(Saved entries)
Lemma arrow_se_morph_dom {M M' : C2} {E : SplitExt C2 M} {E' : SplitExt C2 M'} {u f g} :
  is_se_morph E E' u f g ->
  is_se_morph (split_ext_dom E) (split_ext_dom E') (h0 u) (h0 f) (h0 g).
Proof.
  intros [Hk [Ha Hb]]; exact (conj (f_equal h0 Hk) (conj (f_equal h0 Ha) (f_equal h0 Hb))).
Qed.

Lemma arrow_se_morph_cod {M M' : C2} {E : SplitExt C2 M} {E' : SplitExt C2 M'} {u f g} :
  is_se_morph E E' u f g ->
  is_se_morph (split_ext_cod E) (split_ext_cod E') (h1 u) (h1 f) (h1 g).
Proof.
  intros [Hk [Ha Hb]]; exact (conj (f_equal h1 Hk) (conj (f_equal h1 Ha) (f_equal h1 Hb))).
Qed.

Lemma arrow_se_morph_of_components {M M' : C2} {E : SplitExt C2 M} {E' : SplitExt C2 M'}
  {u f g} :
  is_se_morph (split_ext_dom E) (split_ext_dom E') (h0 u) (h0 f) (h0 g) ->
  is_se_morph (split_ext_cod E) (split_ext_cod E') (h1 u) (h1 f) (h1 g) ->
  is_se_morph E E' u f g.
Proof.
  intros [Hk0 [Ha0 Hb0]] [Hk1 [Ha1 Hb1]]; split; [|split]; now apply arrow_hom_eq.
Qed.

Section ArrowSplitExt.
Context {M : C2} (E0 : SplitExt C (adom M)) (E1 : SplitExt C (acod M))
  (μ : hom (se_A E0) (se_A E1)) (q : hom (se_B E0) (se_B E1))
  (H : is_se_morph E0 E1 (amap M) μ q).

Definition arrow_split_ext_k : hom M (arr_of μ) :=
  Build_ahom (x := M) (y := arr_of μ) (eq_sym (proj1 H)).
Definition arrow_split_ext_a : hom (arr_of μ : C2) (arr_of q) :=
  Build_ahom (x := arr_of μ) (y := arr_of q) (proj1 (proj2 H)).
Definition arrow_split_ext_b : hom (arr_of q : C2) (arr_of μ) :=
  Build_ahom (x := arr_of q) (y := arr_of μ) (eq_sym (proj2 (proj2 H))).

Lemma arrow_split_ext_spec :
  is_split_ext arrow_split_ext_k arrow_split_ext_a arrow_split_ext_b.
Proof.
  split; [apply arrow_hom_eq; apply se_ab|].
  apply arrow_kernel_of_components; apply se_ker.
Qed.

Definition arrow_split_ext : SplitExt C2 M := mk_split_ext arrow_split_ext_spec.

End ArrowSplitExt.

Lemma arrow_has_pullbacks : has_pullbacks C -> has_pullbacks C2.
Proof.
  intros HL a b c f g.
  destruct (HL _ _ _ (h0 f) (h0 g)) as [P0 [pa0 [pb0 H0]]].
  destruct (HL _ _ _ (h1 f) (h1 g)) as [P1 [pa1 [pb1 H1]]].
  destruct (pullback_lift H1 (x := amap a ∘ pa0) (y := amap b ∘ pb0)) as [μ [Hμa Hμb]].
  { now rewrite !cmp_assoc, !arrow_hsq, <- !cmp_assoc, (proj1 H0). }
  exists (arr_of μ), (Build_ahom (x := arr_of μ) (y := a) Hμa),
    (Build_ahom (x := arr_of μ) (y := b) Hμb).
  split; [apply arrow_hom_eq; [exact (proj1 H0)|exact (proj1 H1)]|].
  intros q qa qb Hq.
  destruct (proj2 H0 _ _ _ (f_equal h0 Hq)) as [u0 [[Hu0a Hu0b] U0]].
  destruct (proj2 H1 _ _ _ (f_equal h1 Hq)) as [u1 [[Hu1a Hu1b] U1]].
  assert (Hsq : u1 ∘ amap q = μ ∘ u0).
  { apply (pullback_hom_eq H1); rewrite !cmp_assoc; cbn.
    - now rewrite Hu1a, Hμa, arrow_hsq, <- cmp_assoc, Hu0a.
    - now rewrite Hu1b, Hμb, arrow_hsq, <- cmp_assoc, Hu0b. }
  exists (Build_ahom (x := q) (y := arr_of μ) Hsq).
  split; [split; now apply arrow_hom_eq|].
  intros u' Hua Hub; apply arrow_hom_eq; cbn.
  - apply U0; [exact (f_equal h0 Hua)|exact (f_equal h0 Hub)].
  - apply U1; [exact (f_equal h1 Hua)|exact (f_equal h1 Hub)].
Qed.

End Arrow.

Section GenericArrow.
Context {C : PCat} (HP : is_protomodular C) (HL : has_pullbacks C).
Notation C2 := (ArrowPCat C).

Lemma generic_cod {M : C2} {GM : SplitExt C2 M} :
  is_generic GM -> is_generic (split_ext_cod GM).
Proof.
  (* F is the codomain row of an extension of m in C^2 with domain row S -> S ⇄ 0. *)
  intros HGM F.
  assert (H : is_se_morph (mk_split_ext (idm_split_ext (adom M))) F
                (amap M) (se_k F ∘ amap M) (from_z _ (se_B F))).
  { split; [apply cmp_id_r|split; [|apply hom_from_zero_eq]]; cbn.
    now rewrite cmp_assoc, (proj1 (se_ker F)), cmp_zero_l, cmp_through_zero. }
  destruct (HGM (arrow_split_ext _ F _ _ H)) as [fA [gB [Hmor Huniq]]].
  exists (h1 fA), (h1 gB); split; [exact (arrow_se_morph_cod Hmor)|].
  intros f w Hfw; pose proof Hfw as [Hfk [_ Hfb]].
  assert (Hsq : f ∘ (se_k F ∘ amap M) = amap (se_A GM) ∘ h0 (se_k GM)).
  { rewrite cmp_assoc, Hfk, cmp_id_r; exact (arrow_hsq (se_k GM)). }
  pose (fA' := Build_ahom (x := arr_of (se_k F ∘ amap M)) (y := se_A GM) Hsq).
  pose (gB' := Build_ahom (x := arr_of (from_z _ (se_B F))) (y := se_B GM)
                 (h0 := from_z _ _) (h1 := w) (hom_from_zero_eq _ _)).
  assert (Hmor' : is_se_morph (arrow_split_ext _ F _ _ H) GM (idm _) fA' gB').
  { apply arrow_se_morph_of_components; [|exact Hfw].
    split; [reflexivity|split; [|apply hom_from_zero_eq]]; cbn.
    rewrite cmp_through_zero; exact (proj1 (arrow_kernel_dom _ _ (se_ker GM))). }
  destruct (Huniq fA' gB' Hmor') as [HfA HgB].
  assert (Hw : w = h1 gB) by (now rewrite <- HgB).
  split; [|exact Hw].
  destruct (arrow_se_morph_cod Hmor) as [Hk [_ Hb]].
  apply (split_ext_jointly_epic HP HL F).
  - transitivity (se_k (split_ext_cod GM) ∘ idm (acod M)); [exact Hfk|].
    symmetry; exact Hk.
  - transitivity (se_b (split_ext_cod GM) ∘ w); [exact Hfb|].
    rewrite Hw; symmetry; exact Hb.
Qed.

Lemma arrow_trivial_action_of_cod {M : C2} {Y : C} {pi : hom (acod M) Y}
  (Hm : is_kernel (amap M) pi) (E : SplitExt C2 M) :
  trivial_action (h1 (se_k E)) (h1 (se_b E)) -> trivial_action (se_k E) (se_b E).
Proof.
  (* pi r1 vanishes on the domain row, so r1 restricts along m = ker pi. *)
  intros [r1 [Hr1k Hr1b]].
  pose proof (arrow_hsq (se_k E)) as Hk; pose proof (arrow_hsq (se_b E)) as Hb.
  assert (Hpi : pi ∘ (r1 ∘ amap (se_A E)) = zero _ Y).
  { apply (split_ext_jointly_epic HP HL (split_ext_dom E)); cbn;
      rewrite cmp_zero_l, <- !cmp_assoc.
    - now rewrite <- Hk, (cmp_assoc r1), Hr1k, cmp_id_l, (proj1 Hm).
    - now rewrite <- Hb, (cmp_assoc r1), Hr1b, cmp_zero_l, cmp_zero_r. }
  destruct (kernel_lift Hm Hpi) as [r0 Hr0].
  exists (Build_ahom (x := se_A E) (y := M) (eq_sym Hr0)).
  split; apply arrow_hom_eq; cbn; try assumption; apply (kernel_mono Hm);
    rewrite cmp_assoc, Hr0, <- cmp_assoc.
  - now rewrite <- Hk, cmp_assoc, Hr1k, cmp_id_l, cmp_id_r.
  - now rewrite <- Hb, cmp_assoc, Hr1b, cmp_zero_l, cmp_through_zero, cmp_zero_r.
Qed.

End GenericArrow.

Section GenericArrowExtension.
Context {C : PCat} (HP : is_protomodular C) (HL : has_pullbacks C)
  {M : ArrowPCat C} {Y : C} {pi : hom (acod M) Y} (Hm : is_kernel (amap M) pi)
  {GM : SplitExt (ArrowPCat C) M} (HGM : is_generic GM).

Notation GM0 := (split_ext_dom GM).
Notation GM1 := (split_ext_cod GM).
Notation B0 := (adom (se_B GM)).
Notation q2 := (amap (se_B GM)).

Lemma q2_classified_ext (T : C) (g : hom T B0) :
  exists (P : C) (k : hom (acod M) P) (a : hom P T) (b : hom T P) (f : hom P (se_A GM1)),
    is_split_ext k a b /\
    se_morph_raw k a b (se_k GM1) (se_a GM1) (se_b GM1) (idm (acod M)) f (q2 ∘ g) /\
    (trivial_action k b -> g = zero T B0).
Proof.
  pose (gg := Build_ahom (x := arr_of (idm T)) (y := se_B GM) (h0 := g) (h1 := q2 ∘ g)
                (cmp_id_r _)).
  destruct (split_ext_pullback (arrow_has_pullbacks HL) GM gg) as [P [k [a [b [f [HE Hf]]]]]].
  exists (acod P), (h1 k), (h1 a), (h1 b), (h1 f); split; [exact (arrow_split_ext_cod HE)|].
  split; [exact (arrow_se_morph_cod (E := mk_split_ext HE) Hf)|].
  intros Htriv.
  exact (f_equal h0 (generic_base_zero HGM (mk_split_ext HE) Hf
                       (arrow_trivial_action_of_cod HP HL Hm (mk_split_ext HE) Htriv))).
Qed.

→ **PROBLEM DESCRIPTION**
Above are the records; copy exactly the lines from the line with "destruct (proj2 H1" through the line with "exists (Build_ahom (x := q)", both included.

→ **PROBLEM SOLUTION**
  destruct (proj2 H1 _ _ _ (f_equal h1 Hq)) as [u1 [[Hu1a Hu1b] U1]].
  assert (Hsq : u1 ∘ amap q = μ ∘ u0).
  { apply (pullback_hom_eq H1); rewrite !cmp_assoc; cbn.
    - now rewrite Hu1a, Hμa, arrow_hsq, <- cmp_assoc, Hu0a.
    - now rewrite Hu1b, Hμb, arrow_hsq, <- cmp_assoc, Hu0b. }
  exists (Build_ahom (x := q) (y := arr_of μ) Hsq).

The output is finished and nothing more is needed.